**PROBLEM STATEMENT**
Exactly the lines from the start of the data below through the line containing "End Realization." must be returned, and no others.

________________________

(* Shift the potential by [1] on the component of the tail of [e]. *)
Lemma hyps_separate (S : {set E}) e P0 :
  (forall f, f \in S -> hyp ends phi Q f P0) ->
  ~~ connect (adjS ends S) (ends e).1 (ends e).2 ->
  exists P, (forall f, f \in S -> hyp ends phi Q f P) /\
    sqdist P (ends e).1 - sqdist P (ends e).2 =
    sqdist P0 (ends e).1 - sqdist P0 (ends e).2 + 1.
Proof.
move=> /hyps_potential h0 nconn.
have [P [t hP]] := aff_indep_sqdist
  (fun x => sqdist P0 x + (if connect (adjS ends S) (ends e).1 x then 1 else 0)).
exists P; split.
  apply/hyps_potential => f fS; rewrite !hP (potential_shift (ends e).1 1 h0 fS).
  by set u := (if _ then _ else _); set v := (if _ then _ else _); lra.
by rewrite !hP connect0 (negbTE nconn); lra.
Qed.

Lemma balanced_flat_realized (S : {set E}) : balanced_flat ends phi S ->
  exists s, inL ends phi Q s /\ (forall e, e \in S <-> edges_of ends phi Q s e).
Proof.
move=> [bal closed]; have [P0 hP0] := balanced_hyps_meet bal.
have /hyps_potential potP0 := hP0.
exists (fun P => forall e, e \in S -> hyp ends phi Q e P).
split; first by split; [exists S | exists P0].
move=> e; split=> [eS P hP | hE]; first exact: hP.
apply/negPn/negP => eS; have he0 := hyp_sqdist e P0; have := hE P0 hP0.
have [conn | nconn] := boolP (connect (adjS ends S) (ends e).1 (ends e).2).
  move=> /he0 hE0; apply: (closed e eS conn); apply: (potential_balanced (b := sqdist P0)).
  by move=> f; rewrite !inE => /orP [/eqP -> // | /potP0].
have [P [hP dP]] := hyps_separate hP0 nconn.
by move/he0 => hE0; move/hyp_sqdist: (hE P hP); lra.
Qed.

Lemma inL_edges_of_le s t : inL ends phi Q s ->
  (forall P, t P -> s P) <-> (forall e, edges_of ends phi Q s e -> edges_of ends phi Q t e).
Proof.
move=> [[F hF] _]; split=> [ts e he P tP | he P tP]; first exact: he P (ts P tP).
by apply/hF => e eF; apply: (he e _ P tP) => P' /hF; apply.
Qed.

Lemma aff_indep_gen_pos_wrt : gen_pos_wrt ends phi Q.
Proof.
split=> [s [_ [P0 sP0]] | S flat _ | s t sL _]; last exact: inL_edges_of_le.
  exists [set e | `[< edges_of ends phi Q s e >]]; split.
  - by move=> e; rewrite inE; split => /asboolP.
  - by split; [exact: edges_of_balanced_flat sP0 | exact: flat_rank_le].
exact: balanced_flat_realized.
Qed.

End Realization.

Theorem proposition6p9 (R : realType) (d n : nat) (Q : 'I_n -> 'rV[R]_d) :
  aff_indep Q ->
  ideal_gen_pos Q /\
  (forall (E : finType) (ends : E -> 'I_n * 'I_n) (phi : E -> R),
     (forall e, (ends e).1 != (ends e).2) ->
     gen_pos_wrt ends phi Q).
Proof.
move=> aQ; split; first exact: aff_indep_ideal_gen_pos.
by move=> E ends phi; exact: aff_indep_gen_pos_wrt.
Qed.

________________________

**ANSWER FOR THE TASK**
(* Shift the potential by [1] on the component of the tail of [e]. *)
Lemma hyps_separate (S : {set E}) e P0 :
  (forall f, f \in S -> hyp ends phi Q f P0) ->
  ~~ connect (adjS ends S) (ends e).1 (ends e).2 ->
  exists P, (forall f, f \in S -> hyp ends phi Q f P) /\
    sqdist P (ends e).1 - sqdist P (ends e).2 =
    sqdist P0 (ends e).1 - sqdist P0 (ends e).2 + 1.
Proof.
move=> /hyps_potential h0 nconn.
have [P [t hP]] := aff_indep_sqdist
  (fun x => sqdist P0 x + (if connect (adjS ends S) (ends e).1 x then 1 else 0)).
exists P; split.
  apply/hyps_potential => f fS; rewrite !hP (potential_shift (ends e).1 1 h0 fS).
  by set u := (if _ then _ else _); set v := (if _ then _ else _); lra.
by rewrite !hP connect0 (negbTE nconn); lra.
Qed.

Lemma balanced_flat_realized (S : {set E}) : balanced_flat ends phi S ->
  exists s, inL ends phi Q s /\ (forall e, e \in S <-> edges_of ends phi Q s e).
Proof.
move=> [bal closed]; have [P0 hP0] := balanced_hyps_meet bal.
have /hyps_potential potP0 := hP0.
exists (fun P => forall e, e \in S -> hyp ends phi Q e P).
split; first by split; [exists S | exists P0].
move=> e; split=> [eS P hP | hE]; first exact: hP.
apply/negPn/negP => eS; have he0 := hyp_sqdist e P0; have := hE P0 hP0.
have [conn | nconn] := boolP (connect (adjS ends S) (ends e).1 (ends e).2).
  move=> /he0 hE0; apply: (closed e eS conn); apply: (potential_balanced (b := sqdist P0)).
  by move=> f; rewrite !inE => /orP [/eqP -> // | /potP0].
have [P [hP dP]] := hyps_separate hP0 nconn.
by move/he0 => hE0; move/hyp_sqdist: (hE P hP); lra.
Qed.

Lemma inL_edges_of_le s t : inL ends phi Q s ->
  (forall P, t P -> s P) <-> (forall e, edges_of ends phi Q s e -> edges_of ends phi Q t e).
Proof.
move=> [[F hF] _]; split=> [ts e he P tP | he P tP]; first exact: he P (ts P tP).
by apply/hF => e eF; apply: (he e _ P tP) => P' /hF; apply.
Qed.

Lemma aff_indep_gen_pos_wrt : gen_pos_wrt ends phi Q.
Proof.
split=> [s [_ [P0 sP0]] | S flat _ | s t sL _]; last exact: inL_edges_of_le.
  exists [set e | `[< edges_of ends phi Q s e >]]; split.
  - by move=> e; rewrite inE; split => /asboolP.
  - by split; [exact: edges_of_balanced_flat sP0 | exact: flat_rank_le].
exact: balanced_flat_realized.
Qed.

End Realization.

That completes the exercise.